While the term cybersecurity originated in 1989, the industry has gained significant traction in the last few years thanks to a rising number of data breaches and cyberattacks.
Cybersecurity is defined as the measures taken to protect a computer or computer system against unauthorized access or cyberattack threats.
The number of security incidents is increasing every year, along with the costs. In fact, according to a 2019 research report from IBM (NYSE:IBM), a single data breach event could cost an organization nearly US$4 million — up 12 percent since 2014.
In terms of overall cyberthreats, a Juniper Research report on cybercrime, also from 2019, suggests that the cost of such malicious attacks will rise to US$5 trillion by 2024.
A report issued by the Canadian government in 2018 also highlights the global market, stating that cybercrimes were projected to cost US$600 billion in economic losses that year. The report also states that the cybersecurity technology industry is anticipated to reach over US$202 billion by 2021 worldwide.
There are multiple ways to invest in the cybersecurity market, but exchange-traded funds (ETFs) offer a low-cost way to enter the space. ETF fees and expenses are typically lower than those associated with mutual funds or other types of actively managed financial instruments.
According to ETF.com, there are four cybersecurity ETFs listed in the US that investors can add to their portfolios. Here’s a closer look at those security ETFs and their holdings.
1. First Trust NASDAQ CEA Cybersecurity ETF (NASDAQ:CIBR)
AUM: US$1.93 billion; current price: US$34.79
Launched in July 2015, this ETF tracks the NASDAQ CEA Cybersecurity Index (INDEXNASDAQ:NQCYBR) and has 44 holdings. In total, 80.71 percent of the fund is allocated to the software and IT services sector, with 8.79 percent in communications and networking equipment. Its expense ratio is 0.6 percent.
The First Trust NASDAQ CEA Cybersecurity ETF’s top cybersecurity stocks include CrowdStrike Holdings (NASDAQ:CRWD) at a 6.64 percent weighting; Splunk (NASDAQ:SPLK) at a 6.19 percent weighting; Okta (NASDAQ:OKTA) weighted at 6.1 percent; and Cisco (NASDAQ:CSCO) at a 5.62 percent weighting.
2. ETFMG Prime Cyber Security ETF (ARCA:HACK)
AUM: US$1.42 billion; current price: US$47.15
The oldest of the cybersecurity ETFs on this list is the ETFMG Prime Cyber Security ETF, which began trading in November 2014 and tracks the ISE Cyber Security Index (INDEXNASDAQ:HXR)). It has 60 holdings with a 0.6 percent expense ratio, and its assets under management (AUM) stand at over US$1.42 billion. This cybersecurity ETF has had an 8.57 percent annualized return since its inception, and is run by ETFMG, a lesser-known company amongst the goliath ETF managers.

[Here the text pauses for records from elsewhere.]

(* Let $(R,1_R)$ be an Archimedean unital Riesz space and $M$ a pseudo MV-algebra. If $s_1,s_2$ are $(R,1_R)$-state-morphisms on $M$ whose kernels are maximal ideals of $M$ and $\mathrm{Ker}(s_1)=\mathrm{Ker}(s_2)$, then $s_1=s_2$.
   Context: Pseudo MV-algebra: an algebra $(M;\oplus,{}^-,{}^\sim,0,1)$, $0\neq1$, satisfying the standard pseudo MV-algebra axioms; equivalently (up to isomorphism) $M=\Gamma(G,u)=[0,u]$ for a unital $\ell$-group $(G,u)$ with $x\oplus y=(x+y)\wedge u$, $x^-=u-x$, $x^\sim=-x+u$. Ideal: nonempty down-set closed under $\oplus$; maximal = maximal among proper ideals. A unital Riesz space $(R,1_R)$ is a Riesz space with a fixed strong unit $1_R$; Archimedean if $na\le b$ for all $n\ge1$ implies $a\le0$. $\Gamma(R,1_R)$ is the MV-algebra on $[0,1_R]$. An $(R,1_R)$-state-morphism on $M$ is a homomorphism of pseudo MV-algebras $M\to\Gamma(R,1_R)$; its kernel is $\mathrm{Ker}(s)=\{x:s(x)=0\}$. *)

From Stdlib Require Import Reals.
Open Scope R_scope.

Record PseudoMV := {
  pcar :> Type;
  poplus : pcar -> pcar -> pcar;
  pminus : pcar -> pcar;
  ptilde : pcar -> pcar;
  pzero : pcar;
  pone : pcar;
  pzero_neq_one : pzero <> pone;
  pA1 : forall x y z, poplus x (poplus y z) = poplus (poplus x y) z;
  pA2 : forall x, poplus x pzero = x /\ poplus pzero x = x;
  pA3 : forall x, poplus x pone = pone /\ poplus pone x = pone;
  pA4 : ptilde pone = pzero /\ pminus pone = pzero;
  pA5 : forall x y,
      ptilde (poplus (pminus x) (pminus y)) = pminus (poplus (ptilde x) (ptilde y));
  pA6 : forall x y,
      let odot := fun a b => ptilde (poplus (pminus a) (pminus b)) in
      poplus x (odot (ptilde x) y) = poplus y (odot (ptilde y) x) /\
      poplus y (odot (ptilde y) x) = poplus (odot x (pminus y)) y /\
      poplus (odot x (pminus y)) y = poplus (odot y (pminus x)) x;
  pA7 : forall x y,
      let odot := fun a b => ptilde (poplus (pminus a) (pminus b)) in
      odot x (poplus (pminus x) y) = odot (poplus x (ptilde y)) y;
  pA8 : forall x, ptilde (pminus x) = x
}.

Definition ple (M : PseudoMV) (x y : M) : Prop := poplus M (pminus M x) y = pone M.

Definition is_ideal (M : PseudoMV) (I : M -> Prop) : Prop :=
  (exists x, I x) /\
  (forall x y, I y -> ple M x y -> I x) /\
  (forall x y, I x -> I y -> I (poplus M x y)).

Definition is_maximal_ideal (M : PseudoMV) (I : M -> Prop) : Prop :=
  is_ideal M I /\ (exists x, ~ I x) /\
  (forall J : M -> Prop, is_ideal M J -> (exists x, ~ J x) ->
     (forall x, I x -> J x) -> forall x, J x -> I x).

Record RieszSpace := {
  rcar :> Type;
  radd : rcar -> rcar -> rcar;
  ropp : rcar -> rcar;
  rzero : rcar;
  rscal : R -> rcar -> rcar;
  rle : rcar -> rcar -> Prop;
  rmeet : rcar -> rcar -> rcar;
  rjoin : rcar -> rcar -> rcar;
  radd_assoc : forall x y z, radd x (radd y z) = radd (radd x y) z;
  radd_comm : forall x y, radd x y = radd y x;
  radd_0 : forall x, radd x rzero = x;
  radd_opp : forall x, radd x (ropp x) = rzero;
  rscal_assoc : forall a b x, rscal a (rscal b x) = rscal (a * b) x;
  rscal_1 : forall x, rscal 1 x = x;
  rscal_distr_r : forall a x y, rscal a (radd x y) = radd (rscal a x) (rscal a y);
  rscal_distr_l : forall a b x, rscal (a + b) x = radd (rscal a x) (rscal b x);
  rle_refl : forall x, rle x x;
  rle_antisym : forall x y, rle x y -> rle y x -> x = y;
  rle_trans : forall x y z, rle x y -> rle y z -> rle x z;
  rle_add : forall x y z, rle x y -> rle (radd x z) (radd y z);
  rle_scal : forall a x, 0 <= a -> rle rzero x -> rle rzero (rscal a x);
  rmeet_glb : forall x y z, rle z (rmeet x y) <-> (rle z x /\ rle z y);
  rjoin_lub : forall x y z, rle (rjoin x y) z <-> (rle x z /\ rle y z)
}.

Definition rsub (V : RieszSpace) (x y : V) : V := radd V x (ropp V y).

Definition strong_unit (V : RieszSpace) (u : V) : Prop :=
  rle V (rzero V) u /\ forall x : V, exists n : nat, rle V x (rscal V (INR n) u).

Definition archimedean (V : RieszSpace) : Prop :=
  forall a b : V, (forall n : nat, (1 <= n)%nat -> rle V (rscal V (INR n) a) b) ->
    rle V a (rzero V).

(* (R,1_R)-state-morphism: a pseudo MV-homomorphism M -> Gamma(R,1_R), where
   Gamma(R,1_R) = [0,1_R] with x (+) y = (x+y) /\ 1_R, x^- = x^~ = 1_R - x. *)
Definition state_morphism (M : PseudoMV) (V : RieszSpace) (u : V) (s : M -> V) : Prop :=
  (forall x, rle V (rzero V) (s x) /\ rle V (s x) u) /\
  (forall x y, s (poplus M x y) = rmeet V (radd V (s x) (s y)) u) /\
  (forall x, s (pminus M x) = rsub V u (s x)) /\
  (forall x, s (ptilde M x) = radd V (ropp V (s x)) u) /\
  s (pzero M) = rzero V /\
  s (pone M) = u.

Definition Ker (M : PseudoMV) (V : RieszSpace) (s : M -> V) : M -> Prop :=
  fun x => s x = rzero V.

(* The kernel of a state-morphism s determines the order it induces on M:
   s (y ⊙ z^-) = s y - (s y ∧ s z) vanishes iff s y <= s z.  If Ker s is maximal,
   the ideal generated by Ker s and any y outside it is all of M, so u <= n s y;
   applied to y ⊙ z^- and z ⊙ y^-, whose images are disjoint, this makes the image
   of s a chain.  Hence for every x one of x ⊕ x, x ⊙ x has image 2 s x, resp.
   2 s x - u, under both s1 and s2, so d = s1 x - s2 x satisfies 2^k d <= u for all k,
   and d <= 0 because the space is Archimedean.  By symmetry s1 = s2. *)

From Stdlib Require Import Reals Lra Classical FunctionalExtensionality.
Open Scope R_scope.

Local Infix "⊞" := (radd _) (at level 50, left associativity).
Local Notation "⊟ x" := (ropp _ x) (at level 35, right associativity).
Local Infix "≼" := (rle _) (at level 70).
Local Infix "⊓" := (rmeet _) (at level 40, left associativity).
Local Notation "t ⋅ x" := (rscal _ t x) (at level 40, left associativity).

Section RieszSpaceTheory.

Context {V : RieszSpace}.
Implicit Types a b c d u w x y z : V.

Lemma add0r x : rzero V ⊞ x = x.
Proof. rewrite radd_comm; apply radd_0. Qed.

Lemma addNr x : ⊟ x ⊞ x = rzero V.
Proof. rewrite radd_comm; apply radd_opp. Qed.

Lemma addrK x y : x ⊞ y ⊞ ⊟ y = x.
Proof. rewrite <- radd_assoc, radd_opp; apply radd_0. Qed.

Lemma addrNK x y : x ⊞ ⊟ y ⊞ y = x.
Proof. rewrite <- radd_assoc, addNr; apply radd_0. Qed.

Lemma addIr z x y : x ⊞ z = y ⊞ z -> x = y.
Proof. intro E. rewrite <- (addrK x z), E. apply addrK. Qed.

Lemma oppr_unique x y : x ⊞ y = rzero V -> y = ⊟ x.
Proof. intro E. rewrite <- (add0r y), <- (addNr x), <- radd_assoc, E. apply radd_0. Qed.

Lemma opprK x : ⊟ ⊟ x = x.
Proof. symmetry. apply oppr_unique, addNr. Qed.

Lemma addrACA a b c d : (a ⊞ b) ⊞ (c ⊞ d) = (a ⊞ c) ⊞ (b ⊞ d).
Proof.
  rewrite !radd_assoc. f_equal. rewrite <- !radd_assoc. f_equal. apply radd_comm.
Qed.

Lemma opprD x y : ⊟ (x ⊞ y) = ⊟ x ⊞ ⊟ y.
Proof. symmetry. apply oppr_unique. rewrite addrACA, !radd_opp. apply radd_0. Qed.

Lemma opprB x y : ⊟ (x ⊞ ⊟ y) = y ⊞ ⊟ x.
Proof. rewrite opprD, opprK. apply radd_comm. Qed.

Lemma subKr x y : x ⊞ ⊟ (x ⊞ ⊟ y) = y.
Proof. rewrite opprB, radd_assoc, (radd_comm _ x y). apply addrK. Qed.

The ETF’s top holdings include Cisco with a 3.73 percent weighting; Cloudflare (NYSE:NET) at 3.25 percent; Sailpoint Technologies (NYSE:SAIL) at 3.2 percent; and Splunk at a 3.11 percent weight.
3. iShares Cybersecurity and Tech ETF (ARCA: IHAK)
AUM: US$94.57 million; current price: US$32.97
Next on our cybersecurity ETFs list is the iShares Cybersecurity and Tech ETF. Founded in June 2019, it tracks the NYSE FactSet Global Cyber Security Index (INDEXNYSEGIS:NYFSSEC) with a focus on developed and emerging markets in the cybersecurity industry. This newer fund has an expense ratio of 0.47 percent and over US$94.57 million in AUM.
Its top holdings include DocuSign (NASDAQ: DOCU) weighted at 5.39 percent; Zscaler (NASDAQ: NZ) at 4.65 percent; and Okta at a 4.4 percent weighting.
4. GlobalX Cybersecurity ETF (NASDAQ:BUG)
AUM: US$29 million; current price: US$21.43
The newest ETF on this list is the GlobalX Cybersecurity ETF. Founded in October 2019, it tracks a market-cap-weighted global index of companies selected on the basis of revenue related to cybersecurity activities. This fund has an expense ratio of 0.5 percent and US$29 million in AUM.
The ETF’s top holding include Zscaler, weighted at 8.8 percent; Okta at 6.58 percent; Palo Alto Networks (NYSE: PANW) at 5.97; and Fortinet (NASDAQ: FTNT) at 5.84 percent.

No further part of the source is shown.